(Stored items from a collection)
Lemma char_transvection (H : {group gT}) c k :
  H \char G -> k \in K -> x ^+ c * k \in H -> y ^+ c \in H.
Proof.
move=> chH Kk Hxk; have [f [injf imfG fx fK]] := transvection_aut.
have [_ /(_ f injf imfG) fH] := charP _ _ chH.
have Gxc : x ^+ c \in G by rewrite groupX.
have : f (x ^+ c * k) \in H by rewrite -fH mem_morphim // groupM // (subsetP sKG).
rewrite morphM // ?(subsetP sKG) // fx fK // expgMn // => Hxyk.
have -> : y ^+ c = x ^+ c * y ^+ c * k * (x ^+ c * k)^-1.
  by rewrite (commuteX2 c c cxy) -(mulgA (y ^+ c)) mulgK.
by rewrite groupM ?groupV.
Qed.

End Transvection.

(** * Bases with cyclic factors of orders p ^ k and p ^ k.+1 *)

Lemma abelian_structure_ord (gT : finGroupType) (G : {group gT}) : abelian G ->
  exists n (x : 'I_n -> gT),
    \big[dprod/1]_(i < n) <[x i]> = G /\ abelian_type G = [seq #[x i] | i : 'I_n].
Proof.
move=> cGG; have [b defG tG] := abelian_structure cGG.
exists (size b), (nth 1 b); split; first by rewrite -defG (big_nth 1) big_mkord.
by rewrite -tG -[in LHS](mkseq_nth 1 b) -map_comp /mkseq -val_enum_ord -map_comp.
Qed.

Section CyclicBasis.

Variables (gT : finGroupType) (G : {group gT}) (n : nat) (x : 'I_n -> gT).
Hypotheses (cGG : abelian G) (defG : \big[dprod/1]_(i < n) <[x i]> = G).
Implicit Types i j : 'I_n.

Definition cobasis i : {group gT} := << \bigcup_(j | j != i) <[x j]> >>%G.

Lemma dprod_cobasis i : <[x i]> \x cobasis i = G.
Proof.
have := defG; rewrite (bigD1 i) //= => defG_i.
have [[_ B _ defB] _ _ _] := dprodP defG_i.
by rewrite /cobasis /= (bigdprodWY defB) -defB.
Qed.

Lemma basis_cycle_sub i : <[x i]> \subset G.
Proof. by have [_ /mulG_sub[]] := dprodP (dprod_cobasis i). Qed.

Lemma basis_expg_mem i e : x i ^+ e \in G.
Proof. by rewrite (subsetP (basis_cycle_sub i)) ?mem_cycle. Qed.

Lemma cobasis_mem i j : j != i -> x j \in cobasis i.
Proof. by move=> ji; apply: mem_gen; apply/bigcupP; exists j; rewrite ?cycle_id. Qed.

Lemma prod_basisD1 (c : 'I_n -> gT) i : (forall j, c j \in <[x j]>) ->
  \prod_j c j = c i * \prod_(j | j != i) c j.
Proof.
move=> cx; apply: prodg_commD1 => j l; apply: (centsP cGG).
  exact: subsetP (basis_cycle_sub j) _ (cx j).
exact: subsetP (basis_cycle_sub l) _ (cx l).
Qed.

Lemma cobasis_prod (c : 'I_n -> gT) i : (forall j, c j \in <[x j]>) ->
  \prod_(j | j != i) c j \in cobasis i.
Proof. by move=> cx; apply: group_prod => j ji; apply: mem_gen; apply/bigcupP; exists j. Qed.

Lemma char_basis_shift (H : {group gT}) i j m c : H \char G ->
  #[x j ^+ m] %| #[x i] -> x i ^+ c \in H -> (x j ^+ m) ^+ c \in H.
Proof.
move=> chH dv Hxc; have [-> | ji] := eqVneq j i.
  by rewrite -expgM mulnC expgM groupX.
apply: (char_transvection cGG (dprod_cobasis i) _ dv chH (group1 _)).
  by rewrite groupX // cobasis_mem.
by rewrite mulg1.
Qed.

Definition twinned i := [exists j, (j != i) && (#[x j] == #[x i])].

Lemma char_twin_component (H : {group gT}) i c w : H \char G -> twinned i ->
  w \in cobasis i -> x i ^+ c * w \in H -> x i ^+ c \in H.
Proof.
move=> chH /existsP[j /andP[ji /eqP oji]] Kw Hxw.
have dv : #[x j] %| #[x i] by rewrite oji.
have Hj := char_transvection cGG (dprod_cobasis i) (cobasis_mem ji) dv chH Kw Hxw.
have := @char_basis_shift H j i 1 c chH; rewrite expg1; apply => //.
by rewrite oji.
Qed.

- [Work instructions]:
Could you retype exactly the lines above, starting at the line that contains "have -> : y" and ending at the line that contains "c j \in cobasis i.", and nothing more?

- [Written solution]:
have -> : y ^+ c = x ^+ c * y ^+ c * k * (x ^+ c * k)^-1.
  by rewrite (commuteX2 c c cxy) -(mulgA (y ^+ c)) mulgK.
by rewrite groupM ?groupV.
Qed.

End Transvection.

(** * Bases with cyclic factors of orders p ^ k and p ^ k.+1 *)

Lemma abelian_structure_ord (gT : finGroupType) (G : {group gT}) : abelian G ->
  exists n (x : 'I_n -> gT),
    \big[dprod/1]_(i < n) <[x i]> = G /\ abelian_type G = [seq #[x i] | i : 'I_n].
Proof.
move=> cGG; have [b defG tG] := abelian_structure cGG.
exists (size b), (nth 1 b); split; first by rewrite -defG (big_nth 1) big_mkord.
by rewrite -tG -[in LHS](mkseq_nth 1 b) -map_comp /mkseq -val_enum_ord -map_comp.
Qed.

Section CyclicBasis.

Variables (gT : finGroupType) (G : {group gT}) (n : nat) (x : 'I_n -> gT).
Hypotheses (cGG : abelian G) (defG : \big[dprod/1]_(i < n) <[x i]> = G).
Implicit Types i j : 'I_n.

Definition cobasis i : {group gT} := << \bigcup_(j | j != i) <[x j]> >>%G.

Lemma dprod_cobasis i : <[x i]> \x cobasis i = G.
Proof.
have := defG; rewrite (bigD1 i) //= => defG_i.
have [[_ B _ defB] _ _ _] := dprodP defG_i.
by rewrite /cobasis /= (bigdprodWY defB) -defB.
Qed.

Lemma basis_cycle_sub i : <[x i]> \subset G.
Proof. by have [_ /mulG_sub[]] := dprodP (dprod_cobasis i). Qed.

Lemma basis_expg_mem i e : x i ^+ e \in G.
Proof. by rewrite (subsetP (basis_cycle_sub i)) ?mem_cycle. Qed.

Lemma cobasis_mem i j : j != i -> x j \in cobasis i.
Proof. by move=> ji; apply: mem_gen; apply/bigcupP; exists j; rewrite ?cycle_id. Qed.

Lemma prod_basisD1 (c : 'I_n -> gT) i : (forall j, c j \in <[x j]>) ->
  \prod_j c j = c i * \prod_(j | j != i) c j.
Proof.
move=> cx; apply: prodg_commD1 => j l; apply: (centsP cGG).
  exact: subsetP (basis_cycle_sub j) _ (cx j).
exact: subsetP (basis_cycle_sub l) _ (cx l).
Qed.

Lemma cobasis_prod (c : 'I_n -> gT) i : (forall j, c j \in <[x j]>) ->
  \prod_(j | j != i) c j \in cobasis i.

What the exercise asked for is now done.